*** Opening EXERCISE DATA ***
(* Total version of the one-dimensional Riemann integral
   (value 0 when f is not Riemann integrable on [a,b]). *)
Definition Rint (f : R -> R) (a b : R) : R :=
  match excluded_middle_informative (exists _ : Riemann_integrable f a b, True) with
  | left H => RiemannInt (proj1_sig (constructive_indefinite_description _ H))
  | right _ => 0
  end.

(* Integral over [a,b]^m of F (as an iterated Riemann integral over the
   coordinates z_0, ..., z_(m-1)). *)
Fixpoint intBox (m : nat) (a b : R) (F : (nat -> R) -> R) : R :=
  match m with
  | O => F (fun _ => 0)
  | S m' => Rint (fun t => intBox m' a b
                     (fun z => F (fun i => if (i =? m')%nat then t else z i))) a b
  end.

Definition kern (n d : nat) (a b : R) (P : nat -> nat -> R) (x y : nat -> R) : R :=
  intBox n a b (fun z => quadN n d a b P z x y).

(* Polynomial given as a list of (coefficient, exponent vector) terms *)
Definition polyEval (L : list (R * list nat)) (w : nat -> R) : R :=
  fold_right (fun p acc => fst p * mono w (snd p) + acc) 0 L.

From Coquelicot Require Import Coquelicot.
From Stdlib Require Import Reals List Lra Lia Bool FunctionalExtensionality ClassicalEpsilon.
Import ListNotations.
Open Scope R_scope.

(* On the region where every [x_i - y_i] has the sign prescribed by [alpha], the
   indicators become boxes: [I_S1(z,x) = 1[x <= z <= b]], [I_S2(z,x) = 1[a <= z <= b] - 1[x <= z <= b]],
   and [1[x <= z] 1[y <= z] = 1[m <= z]] with [m_i = max(x_i, y_i)], which is [x_i] or [y_i]
   according to [alpha_i].  So [N(z,x)^T P N(z,y)] is a finite sum of terms [p(z,x,y) 1[c <= z <= b]]
   with [p] polynomial and each corner coordinate [c_i] equal to [a], an [x_j] or a [y_j].
   Such a term is integrated one coordinate at a time: [int_a^b 1[c_j <= t <= b] p(t) dt = F(b) - F(c_j)]
   for a polynomial antiderivative [F], and substituting [b] or [c_j] into a polynomial gives a
   polynomial again. *)

(** * Polynomials in finitely many variables *)

Definition upd (w : nat -> R) (j : nat) (t : R) : nat -> R :=
  fun i => if (i =? j)%nat then t else w i.

Lemma upd_same w j t : upd w j t j = t.
Proof. unfold upd. now rewrite Nat.eqb_refl. Qed.

Lemma upd_other w j t i : i <> j -> upd w j t i = w i.
Proof. intros Hij. unfold upd. now destruct (Nat.eqb_spec i j). Qed.

Lemma monoAux_local k w w' e :
  (forall i, (k <= i < k + length e)%nat -> w i = w' i) ->
  monoAux k w e = monoAux k w' e.
Proof.
  revert k; induction e as [|c e IH]; intros k Hw; simpl; [reflexivity|].
  rewrite (Hw k) by (simpl; lia).
  rewrite (IH (S k)); [reflexivity|]. intros i Hi; apply Hw; simpl; lia.
Qed.

Fixpoint addexp (e f : list nat) : list nat :=
  match e, f with
  | [], _ => f
  | _, [] => e
  | c :: e', c' :: f' => (c + c')%nat :: addexp e' f'
  end.

Lemma monoAux_addexp k w e f :
  monoAux k w (addexp e f) = monoAux k w e * monoAux k w f.
Proof.
  revert k f; induction e as [|c e IH]; intros k [|c' f]; simpl; try ring.
  rewrite IH, pow_add; ring.
Qed.

Lemma length_addexp e f : length (addexp e f) = Nat.max (length e) (length f).
Proof. revert f; induction e as [|c e IH]; intros [|c' f]; simpl; auto. Qed.

Definition unitexp (j : nat) : list nat := repeat 0%nat j ++ [1%nat].

Lemma monoAux_unitexp k w j : monoAux k w (unitexp j) = w (k + j)%nat.
Proof.
  revert k; induction j as [|j IH]; intros k; simpl.
  - rewrite Nat.add_0_r; ring.
  - unfold unitexp in IH. rewrite IH, Nat.add_succ_r. simpl. ring.
Qed.

Lemma length_unitexp j : length (unitexp j) = S j.
Proof. unfold unitexp. rewrite length_app, repeat_length; simpl; lia. Qed.

Lemma monoAux_upd k w j t e :
  monoAux k (upd w (k + j) t) e = t ^ nth j e 0%nat * monoAux k (upd w (k + j) 1) e.
Proof.
  revert k j; induction e as [|c e IH]; intros k j; simpl.
  - destruct j; simpl; ring.
  - destruct j as [|j].
    + rewrite Nat.add_0_r, !upd_same, pow1.
      rewrite (monoAux_local (S k) (upd w k t) (upd w k 1)); [ring|].
      intros i Hi. rewrite !upd_other by lia. reflexivity.
    + rewrite !upd_other by lia. rewrite Nat.add_succ_r.
      change (S (k + j)) with (S k + j)%nat. rewrite IH. ring.
Qed.

Lemma mono_upd w j t e : mono (upd w j t) e = t ^ nth j e 0%nat * mono (upd w j 1) e.
Proof. exact (monoAux_upd 0 w j t e). Qed.

Lemma polyEval_cons p L w : polyEval (p :: L) w = fst p * mono w (snd p) + polyEval L w.
Proof. reflexivity. Qed.

Lemma polyEval_app L1 L2 w : polyEval (L1 ++ L2) w = polyEval L1 w + polyEval L2 w.
Proof.
  induction L1 as [|p L1 IH]; cbn [app].
  - change (polyEval [] w) with 0; ring.
  - rewrite !polyEval_cons, IH; ring.
Qed.

Definition Lmul (L1 L2 : list (R * list nat)) : list (R * list nat) :=
  flat_map (fun p => map (fun p' => (fst p * fst p', addexp (snd p) (snd p'))) L2) L1.

Lemma polyEval_Lmul L1 L2 w : polyEval (Lmul L1 L2) w = polyEval L1 w * polyEval L2 w.
Proof.
  assert (Hterm : forall p L, polyEval (map (fun p' => (fst p * fst p', addexp (snd p) (snd p'))) L) w
                              = fst p * mono w (snd p) * polyEval L w).
  { intros p; induction L as [|p' L IH]; [unfold polyEval; simpl; ring|].
    cbn [map]. rewrite !polyEval_cons, IH. cbn [fst snd]. unfold mono.
    rewrite monoAux_addexp; ring. }
  induction L1 as [|p L1 IH]; [unfold Lmul, polyEval; simpl; ring|].
  unfold Lmul in *; cbn [flat_map]. rewrite polyEval_app, IH, polyEval_cons, Hterm; ring.
Qed.

Definition poly_on (N : nat) (f : (nat -> R) -> R) : Prop :=
  exists L : list (R * list nat),
    Forall (fun t => (length (snd t) <= N)%nat) L /\ forall w, f w = polyEval L w.

Lemma poly_on_ext N f g : (forall w, f w = g w) -> poly_on N f -> poly_on N g.
Proof. intros Hfg [L [HL Hf]]. exists L. split; [exact HL|]. intros w. now rewrite <- Hfg. Qed.

Lemma poly_on_const N c : poly_on N (fun _ => c).
Proof.
  exists [(c, [])]. split; [repeat constructor; simpl; lia|].
  intros w. rewrite polyEval_cons. unfold mono, polyEval; simpl; ring.
Qed.

Lemma poly_on_var N k : (k < N)%nat -> poly_on N (fun w => w k).
Proof.
  intros Hk. exists [(1, unitexp k)].
  split; [repeat constructor; simpl; rewrite length_unitexp; lia|].
  intros w. rewrite polyEval_cons; cbn [fst snd]. unfold mono. rewrite monoAux_unitexp.
  unfold polyEval; simpl; ring.
Qed.

Lemma poly_on_add N f g : poly_on N f -> poly_on N g -> poly_on N (fun w => f w + g w).
Proof.
  intros [L1 [HL1 Hf]] [L2 [HL2 Hg]]. exists (L1 ++ L2).
  split; [now apply Forall_app|]. intros w. now rewrite polyEval_app, Hf, Hg.
Qed.

Lemma poly_on_mul N f g : poly_on N f -> poly_on N g -> poly_on N (fun w => f w * g w).
Proof.
  intros [L1 [HL1 Hf]] [L2 [HL2 Hg]]. exists (Lmul L1 L2). split.
  - apply Forall_flat_map. eapply Forall_impl; [|exact HL1]. intros p Hp.
    apply Forall_map. eapply Forall_impl; [|exact HL2]. intros p' Hp'.
    cbn [snd]. rewrite length_addexp. simpl in Hp, Hp'. lia.
  - intros w. now rewrite polyEval_Lmul, Hf, Hg.
Qed.

Lemma poly_on_sub N f g : poly_on N f -> poly_on N g -> poly_on N (fun w => f w - g w).
Proof.
  intros Hf Hg. apply (poly_on_ext N (fun w => f w + (-1) * g w)); [intros; ring|].
  apply poly_on_add; [exact Hf|]. apply poly_on_mul; [apply poly_on_const | exact Hg].
Qed.

Lemma poly_on_pow N f c : poly_on N f -> poly_on N (fun w => f w ^ c).
Proof.
  intros Hf. induction c as [|c IH]; simpl; [apply poly_on_const|].
  now apply poly_on_mul.
Qed.

Lemma poly_on_weaken N N' f : (N <= N')%nat -> poly_on N f -> poly_on N' f.
Proof.
  intros HN [L [HL Hf]]. exists L. split; [|exact Hf].
  eapply Forall_impl; [|exact HL]. simpl; intros p Hp; lia.
Qed.

Lemma poly_on_mono N e : (length e <= N)%nat -> poly_on N (fun w => mono w e).
Proof.
  intros He. exists [(1, e)]. split; [repeat constructor; exact He|].
  intros w. rewrite polyEval_cons. unfold polyEval; simpl; ring.
Qed.

Lemma poly_on_local N f w w' :
  poly_on N f -> (forall k, (k < N)%nat -> w k = w' k) -> f w = f w'.
Proof.
  intros [L [HL Hf]] Hw. rewrite !Hf. clear Hf.
  induction HL as [|p L Hp HL IH]; [reflexivity|].
  rewrite !polyEval_cons, IH. unfold mono.
  rewrite (monoAux_local 0 w w' (snd p)); [reflexivity|].
  intros i Hi. apply Hw. simpl in Hp. lia.
Qed.

Lemma poly_on_comp M N f (s : nat -> (nat -> R) -> R) :
  poly_on M f -> (forall k, (k < M)%nat -> poly_on N (s k)) ->
  poly_on N (fun w => f (fun k => s k w)).
Proof.
  intros [L [HL Hf]] Hs. eapply poly_on_ext; [intros w; symmetry; apply Hf|].
  assert (Hmono : forall e k, (k + length e <= M)%nat ->
                    poly_on N (fun w => monoAux k (fun i => s i w) e)).
  { induction e as [|c e IH]; intros k He; simpl in *; [apply poly_on_const|].
    apply poly_on_mul; [apply poly_on_pow, Hs; lia | apply IH; lia]. }
  clear Hf. induction HL as [|p L Hp HL IH]; [exact (poly_on_const N 0)|].
  eapply poly_on_ext; [intros w; symmetry; apply polyEval_cons|].
  apply poly_on_add; [|exact IH].
  apply poly_on_mul; [apply poly_on_const | apply Hmono; lia].
Qed.

Lemma poly_on_upd N j f g :
  (j < N)%nat -> poly_on N f -> poly_on N g -> poly_on N (fun w => f (upd w j (g w))).
Proof.
  intros Hj Hf Hg. apply (poly_on_comp N N f (fun k w => upd w j (g w) k)); [exact Hf|].
  intros k Hk. unfold upd. destruct (Nat.eqb_spec k j); [exact Hg | now apply poly_on_var].
Qed.

Lemma mono_upd_unitexp w j t e :
  mono (upd w j t) (addexp (unitexp j) e) = t * mono (upd w j t) e.
Proof. unfold mono. now rewrite monoAux_addexp, monoAux_unitexp, upd_same. Qed.

Definition antideriv (j : nat) (L : list (R * list nat)) : list (R * list nat) :=
  map (fun p => (fst p / INR (S (nth j (snd p) 0%nat)), addexp (unitexp j) (snd p))) L.

Lemma is_derive_antideriv j L w t :
  is_derive (fun s => polyEval (antideriv j L) (upd w j s)) t (polyEval L (upd w j t)).
Proof.
  induction L as [|[c e] L IH].
  { change (is_derive (fun _ : R => 0) t 0). apply (is_derive_const (K := R_AbsRing) 0). }
  unfold antideriv; cbn [map]. fold (antideriv j L).
  set (k := nth j e 0%nat). set (K := mono (upd w j 1) e).
  apply (is_derive_ext (fun s => c / INR (S k) * s ^ S k * K + polyEval (antideriv j L) (upd w j s))).
  { intros s. rewrite polyEval_cons; cbn [fst snd]. rewrite mono_upd_unitexp, mono_upd. fold k K.
    change (s ^ S k) with (s * s ^ k).
    lazymatch goal with |- ?x = ?y => change (@eq R x y) end. ring. }
  rewrite polyEval_cons; cbn [fst snd]. rewrite mono_upd. fold k K.
  apply (is_derive_plus (fun s => c / INR (S k) * s ^ S k * K)); [|exact IH].
  auto_derive; [exact I|].
  change (match k with 0%nat => 1 | S _ => INR k + 1 end) with (INR (S k)).
  field. apply not_0_INR. lia.
Qed.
*** Closing EXERCISE DATA ***
YOUR INSTRUCTIONS:
Your answer should be the lines above from the one containing "Definition unitexp (j" through the one containing "Proof. unfold unitexp.", copied exactly and with both ends kept.

RESPONSE TO THE TASK:
Definition unitexp (j : nat) : list nat := repeat 0%nat j ++ [1%nat].

Lemma monoAux_unitexp k w j : monoAux k w (unitexp j) = w (k + j)%nat.
Proof.
  revert k; induction j as [|j IH]; intros k; simpl.
  - rewrite Nat.add_0_r; ring.
  - unfold unitexp in IH. rewrite IH, Nat.add_succ_r. simpl. ring.
Qed.

Lemma length_unitexp j : length (unitexp j) = S j.
Proof. unfold unitexp. rewrite length_app, repeat_length; simpl; lia. Qed.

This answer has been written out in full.